If you’re ready for a crash course in mental health, read Alison Cuellar’s article in the new volume of Future of Children Policies to Promote Child Health.” She introduces us to internalizing and externalizing conditions that children experience, as well as the trajectories and outcomes that can accompany them. She also describes prevention programs, and interventions from academic, juvenile justice, and medical and social service angles.

Unfortunately, well intended programs and interventions often come with an unintended consequence. Cuellar argues that due, in part, to differing funding structures of schools, health care providers, and juvenile justice programs, there is an inherent lack of integration among treatment providers; thus, children sometimes fall through the cracks. For example, health insurance might not pay for anything beyond direct professional services provided to a child; whereas parent education or family treatment might be necessary but not be covered. Another example would be programs funded by the Substance Abuse and Mental Health Services Administration—while there might be more flexible funding available for intervention and prevention initiatives through this funder than health insurance, funding is limited to particular communities and settings; thus excluding children not found in these areas.

I’ll be frank in saying that there isn’t an easy method to defragment a complicated system of service delivery. Cuellar concludes that we need to identify ways to overcome fragmentation between services. Volume editors Currie and Reichman call on governments to follow the lead of businesses and make use of the vast amount of data available to them to “create an integrated portrait of child health or to target policies to those who have the most to gain from them.”

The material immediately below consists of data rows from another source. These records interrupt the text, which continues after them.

(* If $A\subseteq\mathbb{R}$ is homogeneous, then $A$ is not order-isomorphic to its complement $\mathbb{R}\setminus A$. Equivalently, if $A\subseteq \mathbb{R}$ is order-isomorphic to $\mathbb{R}\setminus A$, then there is an open interval $I$ such that $A\not\cong A\cap I$.
   Context: A suborder $A\subseteq\mathbb{R}$ is homogeneous if $A\cong A\cap I$ (order-isomorphism) for every open interval $I=(a,b)$ with $-\infty\le a<b\le\infty$. *)

From Stdlib Require Import Reals.
Open Scope R_scope.

(* A suborder of R is a predicate A : R -> Prop, ordered by the order of R. *)

(* A and B are order-isomorphic: there is a map f from A onto B which is
   strictly increasing (hence an order isomorphism: bijective, order
   preserving and reflecting). *)
Definition order_iso (A B : R -> Prop) : Prop :=
  exists f : R -> R,
    (forall x, A x -> B (f x)) /\
    (forall x y, A x -> A y -> x < y -> f x < f y) /\
    (forall y, B y -> exists x, A x /\ f x = y).

(* Open interval (a,b) with -oo <= a < b <= +oo; None encodes -oo (for a)
   or +oo (for b). *)
Definition lower_ok (a : option R) (x : R) : Prop :=
  match a with None => True | Some a => a < x end.
Definition upper_ok (b : option R) (x : R) : Prop :=
  match b with None => True | Some b => x < b end.
Definition ends_lt (a b : option R) : Prop :=
  match a, b with Some a, Some b => a < b | _, _ => True end.
Definition open_interval (a b : option R) (x : R) : Prop :=
  lower_ok a x /\ upper_ok b x.

Definition homogeneous (A : R -> Prop) : Prop :=
  forall a b : option R, ends_lt a b ->
    order_iso A (fun x => A x /\ open_interval a b x).

Definition complement (A : R -> Prop) : R -> Prop := fun x => ~ A x.

From Pilot Require Import Defs.
From Stdlib Require Import Reals Lra Classical ClassicalEpsilon.
Open Scope R_scope.

(* Suppose A is homogeneous and g : A -> R \ A is an order
   isomorphism.  Homogeneity makes A dense in R, and gives an order
   isomorphism f : A -> A ∩ (0,1).  A strictly increasing map h defined on a
   dense set D extends to a nondecreasing map on all of R by
   x |-> sup { h d | d ∈ D, d <= x }; at points outside D this extension
   avoids the image h(D).  Hence the extension K of g sends A into R \ A and
   R \ A into A, while the extension F of f sends A into A and R \ A into
   R \ A (and all of R into (0,1)).  The composite F ∘ K is a nondecreasing
   self-map of R with bounded range, so it has a fixed point c by the
   Knaster-Tarski argument (c = sup { x | x <= F (K x) }).  But F ∘ K swaps
   A and its complement, so c ∈ A iff c ∉ A: contradiction. *)

Definition dense (D : R -> Prop) : Prop :=
  forall u v, u < v -> exists d, D d /\ u < d /\ d < v.

Definition sup_extension (D : R -> Prop) (h : R -> R) (x : R) : R :=
  epsilon (inhabits 0) (is_lub (fun y => exists d, D d /\ d <= x /\ y = h d)).

Section Extension.

Variable D : R -> Prop.
Variable h : R -> R.
Hypothesis D_dense : dense D.
Hypothesis h_incr : forall x y, D x -> D y -> x < y -> h x < h y.

Let H := sup_extension D h.

Lemma h_nondecr x y : D x -> D y -> x <= y -> h x <= h y.
Proof. intros Hx Hy [Hlt | ->]; [left; auto | lra]. Qed.

(* The supremum exists: the set is nonempty (density below x) and bounded
   by h d for any d ∈ D above x. *)
Lemma sup_extension_lub x :
  is_lub (fun y => exists d, D d /\ d <= x /\ y = h d) (H x).
Proof.
  unfold H, sup_extension. apply epsilon_spec.
  destruct (completeness (fun y => exists d, D d /\ d <= x /\ y = h d))
    as [m Hm]; [| | exists m; exact Hm].
  - destruct (D_dense x (x + 1)) as [e [He [H1 H2]]]; [lra |].
    exists (h e). intros y [d [Hd [Hdx ->]]]. apply h_nondecr; auto; lra.
  - destruct (D_dense (x - 1) x) as [d [Hd [H1 H2]]]; [lra |].
    exists (h d), d. repeat split; auto; lra.
Qed.

Lemma sup_extension_ge x d : D d -> d <= x -> h d <= H x.
Proof. intros Hd Hdx. apply (proj1 (sup_extension_lub x)). exists d; auto. Qed.

Lemma sup_extension_le x e : D e -> x < e -> H x <= h e.
Proof.
  intros He Hxe. apply (proj2 (sup_extension_lub x)).
  intros y [d [Hd [Hdx ->]]]. apply h_nondecr; auto; lra.
Qed.

Lemma sup_extension_mono x y : x <= y -> H x <= H y.
Proof.
  intros Hxy. apply (proj2 (sup_extension_lub x)).
  intros z [d [Hd [Hdx ->]]]. apply sup_extension_ge; auto; lra.
Qed.

Lemma sup_extension_agrees x : D x -> H x = h x.
Proof.
  intros Hx. apply Rle_antisym.
  - apply (proj2 (sup_extension_lub x)).
    intros z [d [Hd [Hdx ->]]]. apply h_nondecr; auto.
  - apply sup_extension_ge; auto; lra.
Qed.

(* Outside D, H misses the image h(D): a point of D between a and x (or
   between x and a) separates H x from h a strictly. *)
Lemma sup_extension_avoids_image x a : ~ D x -> D a -> H x <> h a.
Proof.
  intros Hx Ha E.
  destruct (Rtotal_order a x) as [Hax | [-> | Hxa]].
  - destruct (D_dense a x Hax) as [d [Hd [H1 H2]]].
    pose proof (sup_extension_ge x d Hd (Rlt_le _ _ H2)).
    pose proof (h_incr a d Ha Hd H1). lra.
  - contradiction.
  - destruct (D_dense x a Hxa) as [d [Hd [H1 H2]]].
    pose proof (sup_extension_le x d Hd H1).
    pose proof (h_incr d a Hd Ha H2). lra.
Qed.

Lemma sup_extension_bounded lo hi :
  (forall d, D d -> lo < h d < hi) -> forall x, lo < H x < hi.
Proof.
  intros Hb x.
  destruct (D_dense (x - 1) x) as [d [Hd [_ Hdx]]]; [lra |].
  destruct (D_dense x (x + 1)) as [e [He [Hxe _]]]; [lra |].
  pose proof (sup_extension_ge x d Hd (Rlt_le _ _ Hdx)).
  pose proof (sup_extension_le x e He Hxe).
  pose proof (Hb d Hd). pose proof (Hb e He). lra.
Qed.

Lemma sup_extension_iso (B : R -> Prop) :
  (forall x, D x -> B (h x)) -> (forall y, B y -> exists x, D x /\ h x = y) ->
  forall x, D x <-> B (H x).
Proof.
  intros hB hsurj x. split.
  - intros Hx. rewrite sup_extension_agrees; auto.
  - intros HB. apply NNPP. intros Hx.
    destruct (hsurj (H x) HB) as [a [Ha E]].
    exact (sup_extension_avoids_image x a Hx Ha (eq_sym E)).
Qed.

End Extension.

(* Knaster-Tarski on R: a nondecreasing map with bounded range has a fixed
   point, namely the supremum of { x | x <= phi x }. *)
Lemma monotone_fixpoint (phi : R -> R) (lo hi : R) :
  (forall x y, x <= y -> phi x <= phi y) -> (forall x, lo <= phi x <= hi) ->
  exists c, phi c = c.
Proof.
  intros mono bnd.
  destruct (completeness (fun x => x <= phi x)) as [c [Hub Hleast]].
  - exists hi. intros x Hx. pose proof (bnd x). lra.
  - exists lo. apply bnd.
  - assert (Hc : c <= phi c).
    { apply Hleast. intros x Hx. pose proof (mono x c (Hub x Hx)). lra. }
    assert (phi c <= c) by (apply Hub, mono, Hc).
    exists c. lra.
Qed.

(* A suborder order-isomorphic to its complement is nonempty: otherwise
   the complement is all of R and nothing maps onto it. *)
Lemma iso_complement_inhabited (A : R -> Prop) :
  order_iso A (complement A) -> exists a, A a.
Proof.
  intros [g [_ [_ gsurj]]].
  destruct (classic (A 0)) as [H0 | H0]; [eauto |].
  destruct (gsurj 0 H0) as [a [Ha _]]. eauto.
Qed.

(* A nonempty homogeneous suborder is dense: its copy inside (u, v) is
   nonempty. *)
Lemma homogeneous_dense (A : R -> Prop) :
  homogeneous A -> (exists a, A a) -> dense A.
Proof.
  intros Hom [a Ha] u v Huv.
  destruct (Hom (Some u) (Some v) Huv) as [k [kmaps _]].
  destruct (kmaps a Ha) as [Hk [Hu Hv]].
  exists (k a). simpl in *. auto.
Qed.

Theorem mainTheorem12 (A : R -> Prop) :
  homogeneous A -> ~ order_iso A (complement A).
Proof.
  intros Hom Hg.
  pose proof (homogeneous_dense A Hom (iso_complement_inhabited A Hg)) as Ad.
  destruct Hg as [g [gmaps [gincr gsurj]]].
  destruct (Hom (Some 0) (Some 1) ltac:(simpl; lra)) as [f [fmaps [fincr fsurj]]].
  set (K := sup_extension A g). set (F := sup_extension A f).
  pose proof (sup_extension_iso A g Ad gincr _ gmaps gsurj) as Kswap.
  pose proof (sup_extension_iso A f Ad fincr _ fmaps fsurj) as Fkeep.
  assert (Fbound : forall x, 0 < F x < 1).
  { apply sup_extension_bounded; auto.
    intros d Hd. destruct (fmaps d Hd) as [_ [H0 H1]]. simpl in *. lra. }
  destruct (monotone_fixpoint (fun x => F (K x)) 0 1) as [c Hc].
  - intros x y Hxy. apply sup_extension_mono, sup_extension_mono; auto.
  - intros x. pose proof (Fbound (K x)). lra.
  - specialize (Kswap c). specialize (Fkeep (K c)). specialize (Fbound (K c)).
    fold K F in Kswap, Fkeep, Fbound. rewrite Hc in Fkeep, Fbound.
    (* F (K c) = c lies in (0,1), so F's membership test reduces to A. *)
    assert (Defs.open_interval (Some 0) (Some 1) c) by (split; simpl; lra).
    unfold complement in Kswap. destruct (classic (A c)); tauto.
Qed.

In a blog post last year, I wrote about how the Affordable Care Act was a step in the right direction to allow for a more integrated health care system and that there were existing initiatives, such as the patient-centered medical home model, that encourage coordination among providers. Perhaps future policies and practices will encourage coordination among mental health services, thereby improving child mental health.

A Holistic Approach to Healthcare

The health of parents and children are closely intertwined, yet the health-care system generally does not take an integrated approach to family health treatment. For instance, pediatricians who treat children with asthmatic symptoms often do not ask about parents’ smoking and rarely intervene to help change the parents’ smoking behavior. It’s probably not considered within the scope of their practice and they aren’t able to bill the treatment to the child’s insurance. This situation is problematic since a primary cause of the symptoms is likely the secondhand smoke in the child’s environment. Pediatricians don’t necessarily need to abandon their specialization and start treating parents and children in the same practice, but the solution likely lies in reforming the health care system to be more holistic and interconnected.

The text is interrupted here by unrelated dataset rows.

Section generalization_gap.
Local Open Scope ereal_scope.
Context {R : realType} {dO dW dZ : measure_display} {Omega : measurableType dO}
  {TW : measurableType dW} {TZ : measurableType dZ}.
Variables (P : probability Omega R) (n : nat) (mu mu' : probability TZ R)
  (Z : 'I_n -> {mfun Omega >-> TZ}) (W : {mfun Omega >-> TW})
  (loss : TW -> TZ -> R) (bm bp : R) (psi : R -> R).
Hypotheses (mu_ll : mu `<< mu')
  (Z_law : forall i, distribution P (Z i) = mu :> (set TZ -> \bar R))
  (loss_ge0 : forall w z, (0 <= loss w z)%R)
  (loss_meas : measurable_fun [set: (TW * TZ)%type] (fun p => loss p.1 p.2))
  (bm_lt0 : (bm < 0)%R) (bp_gt0 : (0 < bp)%R) (n_gt0 : (0 < n)%N)
  (loss_int : (distribution P W \x mu')%E.-integrable [set: (TW * TZ)%type]
     (fun p => (loss p.1 p.2)%:E)).
Hypothesis cgf_bound : forall lam, (bm < lam < bp)%R ->
  let Q := (distribution P W \x mu')%E in
  let m := fine (\int[Q]_p (loss p.1 p.2)%:E)%E in
  (\int[Q]_p (expR (lam * (loss p.1 p.2 - m)))%:E < +oo)%E /\
  (ln (fine (\int[Q]_p (expR (lam * (loss p.1 p.2 - m)))%:E)%E) <= psi lam)%R.

Let m := fine (\int[distribution P W \x mu']_p (loss p.1 p.2)%:E).
Let P_ i := distribution P (pairRV W (Z i)).
Let A i := \int[P]_om (loss (W om) (Z i om))%:E.
Let I i := mutual_info P W (Z i) + KL mu mu'.

Let mloss : measurable_fun setT (fun p : TW * TZ => (loss p.1 p.2)%:E).
Proof. exact/measurable_EFinP. Qed.

Let integral_loss_pair i : \int[P_ i]_p (loss p.1 p.2)%:E = A i.
Proof.
by rewrite ge0_integral_distribution // => p; rewrite lee_fin.
Qed.

Let I_neqNy i : I i != -oo.
Proof. by rewrite adde_eq_ninfty negb_or !KL_neqNy. Qed.

Let I_not_fin i : I i \isn't a fin_num -> I i = +oo.
Proof. by rewrite fin_numE I_neqNy /= negbK => /eqP. Qed.

Let P_snd i : pushforward (P_ i) snd = mu :> (set TZ -> \bar R).
Proof. by rewrite -(Z_law i). Qed.

Let integrable_loss_pair i : I i \is a fin_num ->
  (P_ i).-integrable setT (fun p => (loss p.1 p.2)%:E).
Proof.
rewrite fin_numD => /andP[KL1_fin KL2_fin].
pose t := (bp / 2)%R.
have t_gt0 : (0 < t)%R by rewrite divr_gt0.
have t_range : (bm < t < bp)%R.
  by rewrite (lt_trans bm_lt0 t_gt0) ltr_pdivrMr // ltr_pMr // ltr1n.
have [cgf_fin _] := cgf_bound _ t_range.
pose h p := (t * (loss p.1 p.2 - m))%R.
have ih : (P_ i).-integrable setT (EFin \o h).
  apply: (integrable_prod_of_ge (Z_law i) mu_ll (P_snd i) KL1_fin KL2_fin _ (- (t * m))%R) => //.
  - apply: measurable_funM => //; exact: measurable_funB.
  - by move=> p; have := mulr_ge0 (ltW t_gt0) (loss_ge0 p.1 p.2); rewrite /h; lra.
apply: eq_integrable (integrableD measurableT (integrableZl measurableT t^-1 ih)
  (finite_measure_integrable_cst _ m measurableT)) => // p _.
by rewrite /= /h -!EFinM -EFinD mulKf ?gt_eqF // subrK.
Qed.

Let I_eqy_of_A_eqy i : A i = +oo -> I i = +oo.
Proof.
move=> Ai; have [Ifin|/I_not_fin//] := boolP (I i \is a fin_num).
have := integrable_fin_num measurableT (integrable_loss_pair i Ifin).
by rewrite integral_loss_pair Ai.
Qed.

Let scaled_gap_le i t : (bm < t < bp)%R ->
  t%:E * (A i - m%:E) <= I i + (psi t)%:E.
Proof.
move=> t_range.
have [Ifin|/I_not_fin->] := boolP (I i \is a fin_num); last by rewrite addye // leey.
have iloss := integrable_loss_pair i Ifin.
move: Ifin; rewrite fin_numD => /andP[KL1_fin KL2_fin].
have [cgf_fin cgf_le] := cgf_bound _ t_range.
have icst := finite_measure_integrable_cst (P_ i) m measurableT.
have ilm : (P_ i).-integrable setT (EFin \o (fun p => loss p.1 p.2 - m)%R).
  exact: eq_integrable (integrableB measurableT iloss icst).
pose h p := (t * (loss p.1 p.2 - m))%R.
have ih : (P_ i).-integrable setT (EFin \o h).
  exact: eq_integrable (integrableZl measurableT t ilm).
have -> : t%:E * (A i - m%:E) = \int[P_ i]_p (h p)%:E.
  rewrite -(fineK (integrable_fin_num measurableT ih)) -integral_loss_pair.
  rewrite -(fineK (integrable_fin_num measurableT iloss)) -EFinB -EFinM.
  rewrite [X in _ = X%:E](RintegralZl _ measurableT ilm) (RintegralB measurableT iloss icst).
  by rewrite Rintegral_cst // (_ : fine (P_ i setT) = 1%R) ?mulr1 // /P_ probability_setT.
apply: le_trans (donsker_varadhan_prod (Z_law i) mu_ll (P_snd i) KL1_fin KL2_fin _
  (fine (\int[distribution P W \x mu']_p (expR (h p))%:E)) ih _) _.
  by rewrite fineK // ge0_fin_numE // integral_ge0 // => p _; rewrite lee_fin expR_ge0.
by apply: leeD; rewrite ?lee_fin.
Qed.

Let A_fin_or_eqy i : A i \is a fin_num \/ A i = +oo.
Proof.
have A_ge0 : 0 <= A i by apply: integral_ge0 => om _; rewrite lee_fin.
by rewrite ge0_fin_numE // ltey; case: (A i =P +oo); [right|left].
Qed.

Let gap_le_psi_star_inv_minus i : (m - fine (A i))%:E <= psi_star_inv_minus psi bm (I i).
Proof.
rewrite psi_star_inv_minusE.
have [Afin|/I_eqy_of_A_eqy->] := A_fin_or_eqy i; last by rewrite psi_star_inv_plus_pinfty leey.
apply: psi_star_inv_plus_ge => lam /andP[lam_gt0 lam_lt].
have t_range : (bm < - lam < bp)%R.
  by rewrite ltrNr lam_lt (lt_trans _ bp_gt0) // oppr_lt0.
have := scaled_gap_le i _ t_range.
by rewrite -(fineK Afin) -EFinB -EFinM mulNr -mulrN opprB.
Qed.

Let gap_le_psi_star_inv_plus i : (fine (A i) - m)%:E <= psi_star_inv_plus psi bp (I i).
Proof.
have [Afin|/I_eqy_of_A_eqy->] := A_fin_or_eqy i; last by rewrite psi_star_inv_plus_pinfty leey.
apply: psi_star_inv_plus_ge => lam /andP[lam_gt0 lam_lt].
have t_range : (bm < lam < bp)%R by rewrite lam_lt (lt_trans bm_lt0).
by have := scaled_gap_le i _ t_range; rewrite -(fineK Afin) -EFinB -EFinM.
Qed.

Let L_mu' w := \int[mu']_z (loss w z)%:E.

Let integral_L_mu' : \int[P]_om L_mu' (W om) = m%:E.
Proof.
have loss0 (p : TW * TZ) : 0 <= (loss p.1 p.2)%:E by rewrite lee_fin.
transitivity (\int[distribution P W]_w L_mu' w).
  rewrite ge0_integral_distribution //.
  - exact: (measurable_fun_fubini_tonelli_F (m2 := mu') _ mloss loss0).
  - by move=> w; apply: integral_ge0 => z _; rewrite lee_fin.
transitivity (\int[distribution P W \x mu']_p (loss p.1 p.2)%:E).
  exact/esym/(fubini_tonelli1 _ mloss loss0).
by rewrite fineK // integrable_fin_num.
Qed.

Let integrable_L_mu' : P.-integrable setT (fun om => L_mu' (W om)).
Proof.
apply/integrableP; split.
  apply: measurableT_comp (measurable_funPT W).
  by apply: (measurable_fun_fubini_tonelli_F (m2 := mu') _ mloss) => p; rewrite lee_fin.
rewrite (eq_integral (fun om => L_mu' (W om))) ?integral_L_mu' ?ltry // => om _.
by rewrite gee0_abs // integral_ge0 // => z _; rewrite lee_fin.
Qed.

Let integrable_loss i : A i \is a fin_num ->
  P.-integrable setT (fun om => (loss (W om) (Z i om))%:E).
Proof.
move=> Afin; apply/integrableP; split.
  apply/measurable_EFinP.
  exact: measurableT_comp loss_meas (measurable_funPT (pairRV W (Z i))).
under eq_integral do rewrite abse_EFin ger0_norm //.
by rewrite -ge0_fin_numE // integral_ge0 // => om _; rewrite lee_fin.
Qed.

Let expected_gap_eq : (forall i, A i \is a fin_num) ->
  \int[P]_om (L_mu' (W om) - (n%:R^-1 * \sum_(i < n) loss (W om) (Z i om))%:E) =
  (n%:R^-1 * \sum_(i < n) (m - fine (A i)))%:E.
Proof.
move=> Afin.
have iS : P.-integrable setT (fun om => \sum_(i < n) (loss (W om) (Z i om))%:E).
  by apply: integrable_sum => // i _; exact: integrable_loss.
have iL : P.-integrable setT
    (fun om => (n%:R^-1 * \sum_(i < n) loss (W om) (Z i om))%:E).
  apply: eq_integrable (integrableZl measurableT n%:R^-1 iS) => // om _.
  by rewrite EFinM sumEFin.
rewrite (integralB measurableT integrable_L_mu' iL) integral_L_mu'.
under eq_integral do rewrite EFinM -sumEFin.
rewrite integralZl // integral_sum //; last by move=> i; exact: integrable_loss.
rewrite (eq_bigr (fun i => (fine (A i))%:E)) => [|i _]; last by rewrite fineK.
rewrite sumEFin -EFinM -EFinB; congr EFin.
rewrite sumrB sumr_const card_ord -mulr_natr; field.
by rewrite pnatr_eq0 -lt0n.
Qed.

Lemma generalization_gap_bounds :
  let L_mu' := fun w => (\int[mu']_z (loss w z)%:E)%E in
  let L_hat := fun w (om : Omega) => (n%:R^-1 * \sum_(i < n) loss w (Z i om))%R in
  let gen := (\int[P]_om (L_mu' (W om) - (L_hat (W om) om)%:E))%E in
  (gen <= (n%:R^-1)%:E * \sum_(i < n)
            psi_star_inv_minus psi bm (mutual_info P W (Z i) + KL mu mu'))%E /\
  (- gen <= (n%:R^-1)%:E * \sum_(i < n)
            psi_star_inv_plus psi bp (mutual_info P W (Z i) + KL mu mu'))%E.
Proof.
move=> ? ? gen; have n_inv_gt0 : (0 < n%:R^-1 :> R)%R by rewrite invr_gt0 ltr0n.
have [[j Aj]|Anot] := pselect (exists j, A j = +oo).
  have sum_eqy (b : 'I_n -> \bar R) (r : 'I_n -> R) :
      (forall i, (r i)%:E <= b i) -> b j = +oo -> \sum_(i < n) b i = +oo.
    move=> rb bj; apply/esum_eqyP => [i _|]; last by exists j; rewrite mem_index_enum.
    by rewrite gt_eqF // (lt_le_trans (ltNyr _) (rb i)).
  rewrite (sum_eqy _ _ gap_le_psi_star_inv_minus); last first.
    by rewrite (I_eqy_of_A_eqy j Aj) psi_star_inv_minusE psi_star_inv_plus_pinfty.
  rewrite (sum_eqy _ _ gap_le_psi_star_inv_plus); last first.
    by rewrite (I_eqy_of_A_eqy j Aj) psi_star_inv_plus_pinfty.
  by rewrite gt0_muley ?lte_fin // !leey.
have Afin i : A i \is a fin_num.
  by have [//|Ai] := A_fin_or_eqy i; exfalso; apply: Anot; exists i.
rewrite /gen expected_gap_eq //; split.
  rewrite EFinM -sumEFin; apply: lee_wpmul2l; first by rewrite lee_fin ltW.
  by apply: lee_sum => i _; exact: gap_le_psi_star_inv_minus.
rewrite -EFinN -mulrN -sumrN EFinM -sumEFin; apply: lee_wpmul2l.
  by rewrite lee_fin ltW.
by apply: lee_sum => i _; rewrite opprB; exact: gap_le_psi_star_inv_plus.
Qed.

End generalization_gap.

Theorem corollary1 (R : realType)
  (dO dW dZ : measure_display) (Omega : measurableType dO)
  (TW : measurableType dW) (TZ : measurableType dZ)
  (P : probability Omega R)
  (n : nat) (n_gt0 : (0 < n)%N)
  (mu mu' : probability TZ R) (mu_ll : mu `<< mu')
  (Z : 'I_n -> {mfun Omega >-> TZ})
  (Z_law : forall i, distribution P (Z i) = mu :> (set TZ -> \bar R))
  (Z_indep : mutually_independent P Z)
  (W : {mfun Omega >-> TW})
  (loss : TW -> TZ -> R)
  (loss_ge0 : forall w z, 0 <= loss w z)
  (loss_meas : measurable_fun [set: (TW * TZ)%type] (fun p => loss p.1 p.2))
  (bm bp : R) (bm_lt0 : bm < 0) (bp_gt0 : 0 < bp) (psi : R -> R)
  (loss_int : (distribution P W \x mu')%E.-integrable [set: (TW * TZ)%type]
                (fun p => (loss p.1 p.2)%:E))
  (cgf_bound : forall lam, bm < lam < bp ->
     let Q := (distribution P W \x mu')%E in
     let m := fine (\int[Q]_p (loss p.1 p.2)%:E)%E in
     (\int[Q]_p (expR (lam * (loss p.1 p.2 - m)))%:E < +oo)%E /\
     ln (fine (\int[Q]_p (expR (lam * (loss p.1 p.2 - m)))%:E)%E) <= psi lam) :
  let L_mu' := fun w => (\int[mu']_z (loss w z)%:E)%E in
  let L_hat := fun w (om : Omega) => n%:R^-1 * \sum_(i < n) loss w (Z i om) in
  let gen := (\int[P]_om (L_mu' (W om) - (L_hat (W om) om)%:E))%E in
  (gen <= (n%:R^-1)%:E * \sum_(i < n)
            psi_star_inv_minus psi bm (mutual_info P W (Z i) + KL mu mu'))%E /\
  (- gen <= (n%:R^-1)%:E * \sum_(i < n)
            psi_star_inv_plus psi bp (mutual_info P W (Z i) + KL mu mu'))%E.
Proof.
exact: generalization_gap_bounds.
Qed.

Sherry Glied and Don Oellerich write in the Two-Generation issue of Future of Children that few programs aim to treat parents and children together due to structural barriers in the U.S. health-care system. They argue that the Affordable Care Act, which expands coverage to millions of lower-income parents, is a necessary step to help establish a policy environment to allow for two-generation approaches to health.

Importantly, it’s up to the states to take two further steps. First, they need to ensure that parents and children can be treated in the same programs despite Medicaid eligibility. Second, they should give providers incentives to generate meaningful changes in their practices, such as embracing the patient-centered medical home model which makes additional payments to providers who coordinate their services with other medical and social service providers.

Glied and Oellerich conclude that the rationale for two-generation programs that target both children’s and parents’ health problems is strong, and there are new opportunities ahead to develop and implement these programs.